“I’ll be home for Christmas!”
They weren’t Hollis’s last words, but they were close. He’d laughed and slapped Ryan on the back. “The first Christmas you’re home, we’ll –” He never finished that sentence. The vehicle hit a roadside IED and death erupted inside the RJ-31.
Ryan opened his eyes to Hollis’s face, bent close to his. “Stay here!” his friend screamed through the ringing in his ears. “I’ll be right back!”
He managed to turn his head, watched Hollis pulling Joel Rivera from the RG-31, and then they all exploded. Ryan could only close his eyes as burning shrapnel rained down.
He closed his eyes again, pushing that memory away. The door before him was maroon, just like Hollis described. A Christmas wreath hung from a hook even with his eyes. From the backyard, a dog barked.
He didn’t belong here. This was Hollis’s world; his home, his Christmas, probably his dog in the back.
The front door opened unexpectedly. Ryan stood staring down at a woman who was obviously Hollis’s mother. The petite, feminine version of his friend peered up. She smiled. “Yes?”
He hesitated. “I’m Ryan Newberry. I’m –“
She hugged in thin, amazingly strong arms and buried her face in his coat. “I’m so glad to meet you.”
They insisted he stay for dinner; Hollis’s mother and two younger brothers. They exchanged Hollis stories, laughing at antics that seemed too outlandish for any human to pull off. The Andersons cried, wiping tears without apology. During those moments, Ryan felt more uncomfortable than he thought possible in the coz y home.
“I’ll be going now,” he said, hours after he’d intended to leave. “I’ve taken up your whole Christmas Eve. I shouldn’t have come tonight. I just … felt like I should. I hope it wasn’t too much.”
“We’ll always miss Hollis.” Mrs. Anderson motioned the boys from the room. She waited until they told Ryan good-bye and were gone. “It’s been a hard year,” she admitted when they were alone. “That first Christmas after we lost him …” Her eyes grew distant. “That was a difficult time. But we managed. We’ve spent the last year healing, remembering, thanking God we ever had a character like Hollis to begin with. He was special.”
“Yes, ma’am, he was.”
“I don’t know what you’ve done in this last year …”

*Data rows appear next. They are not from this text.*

Lemma borel_least_index {X : Type} (TX : (X -> Prop) -> Prop) (Q : nat -> nat -> X -> Prop) :
  (forall n m, borel TX (Q n m)) -> (forall n x, exists m, Q n m x) ->
  exists Psi : X -> nat -> nat, borel_measurable TX baire_open Psi /\ forall x n, Q n (Psi x n) x.
Proof.
  intros HQ Hex.
  destruct (choice (fun x (g : nat -> nat) => forall n,
                      Q n (g n) x /\ forall m, Q n m x -> (g n <= m)%nat)) as [Psi HPsi].
  { intros x. apply (choice (fun n m => Q n m x /\ forall m', Q n m' x -> (m <= m')%nat)).
    intros n. apply exists_least_nat, Hex. }
  exists Psi. split; [|apply HPsi].
  apply borel_measurable_baire_coords. intros n m.
  apply (pred_ext _ (fun x => Q n m x /\ forall m', (m' < m)%nat -> ~ Q n m' x)).
  - intros x. destruct (HPsi x n) as [HQx Hleast]. split.
    + intros [Hm Hbelow]. apply Nat.le_antisymm; [apply Hleast, Hm|].
      apply Nat.nlt_ge. intros Hlt. exact (Hbelow _ Hlt HQx).
    + intros <-. split; auto. intros m' Hlt Hm'. apply Hleast in Hm'. lia.
  - apply borel_inter2; [apply HQ|]. apply borel_cinter. intros m'.
    apply borel_imp, borel_compl, HQ.
Qed.

Section PointwiseTopology.
Context {X : Type} (P : (X -> R) -> Prop).

Lemma pw_sub_open_coord_ball (f0 : X -> R) x eps :
  pw_sub_open P (fun g : {f | P f} => Rabs (proj1_sig g x - f0 x) < eps).
Proof.
  exists (fun h => Rabs (h x - f0 x) < eps). split; [|intros; tauto].
  intros h Hh. exists (x :: nil), (eps - Rabs (h x - f0 x)). split; [lra|].
  intros g Hg. specialize (Hg x (or_introl eq_refl)).
  pose proof (Rabs_triang (g x - h x) (h x - f0 x)).
  replace (g x - h x + (h x - f0 x)) with (g x - f0 x) in H by ring. lra.
Qed.

Lemma seq_conv_pointwise (e : nat -> {f | P f}) (y : {f | P f}) :
  seq_conv (pw_sub_open P) e y -> forall x eps, eps > 0 ->
  eventually (fun n => Rabs (proj1_sig (e n) x - proj1_sig y x) < eps).
Proof.
  intros Hc x eps He. apply (Hc _ (pw_sub_open_coord_ball (proj1_sig y) x eps)).
  rewrite Rminus_diag, Rabs_R0. exact He.
Qed.

Lemma pw_sub_open_basic (U : {f | P f} -> Prop) (y : {f | P f}) :
  pw_sub_open P U -> U y -> exists xs eps, eps > 0 /\
    forall g, (forall x, In x xs -> Rabs (proj1_sig g x - proj1_sig y x) < eps) -> U g.
Proof.
  intros [U' [HU' Hiff]] Uy. apply Hiff in Uy. destruct (HU' _ Uy) as [xs [eps [He H]]].
  exists xs, eps. split; auto. intros g Hg. apply Hiff. auto.
Qed.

He’d played Humpty Dumpty for a good part of it, he thought, enduring the surgeries it took to put him back together again. Rehab, discharge, trying to find his place –
“I don’t think you’ve healed; not in your heart.”
Ryan reminded himself that he would not cry.
Mrs. Anderson touched his hand. “I have something for you. I won’t keep you long; your family must be anxious to see you, it being your first Christmas home. “
Ryan shook his head. “No, ma’am. My folks divorced with I was little, and he disappeared. Mom died right after graduation, and I joined up.” He paused. “Hollis was my family – Hollis and the others.” A tear coursed down his cheek. Mrs. Anderson wiped it away. Her hand was cool and soft, and she smelled of lavender and soap. “I’m sorry,” he whispered, willing unsuccessfully the tears to stop.
She took his hand, leading him down the hall into a bedroom. Ryan realized it had been Hollis’ room.
He watched as she reached into a drawer, retrieving a Bible, stroking the cover. She opened it and produced an envelope. She pulled a letter from inside. It had been read and folded many times. She opened it again, flipped to the second page without speaking, and began.
“Remember how Jesus gave charge of his mom to John? Nothing against the boys, but they’re kids. I want to give charge of you to my friend, Ryan. I trust him to right by you. And Mom, he needs you, too. I hope I cam introduce him to you as my brother, but if something happens, know you’re in good hands.”
Ryan blinked, trying to understand.
“It’s Christmas day,” she said.
Ryan looked at Hollis’ alarm clock. It read 12:36.
“The bed’s yours, if you want it, and the room.”
“It’s Christmas, Ryan. Stay for today. Tomorrow we’ll figure it out. It’s what Hollis wanted.”
He moved toward the bed, his mind numb. As he sat, Mrs. Anderson kissed him lightly on the forehead. “Goodnight, Ryan. Merry Christmas.”
“Merry Christmas, ma’am.” The tears came then, and Ryan knew he was finally home.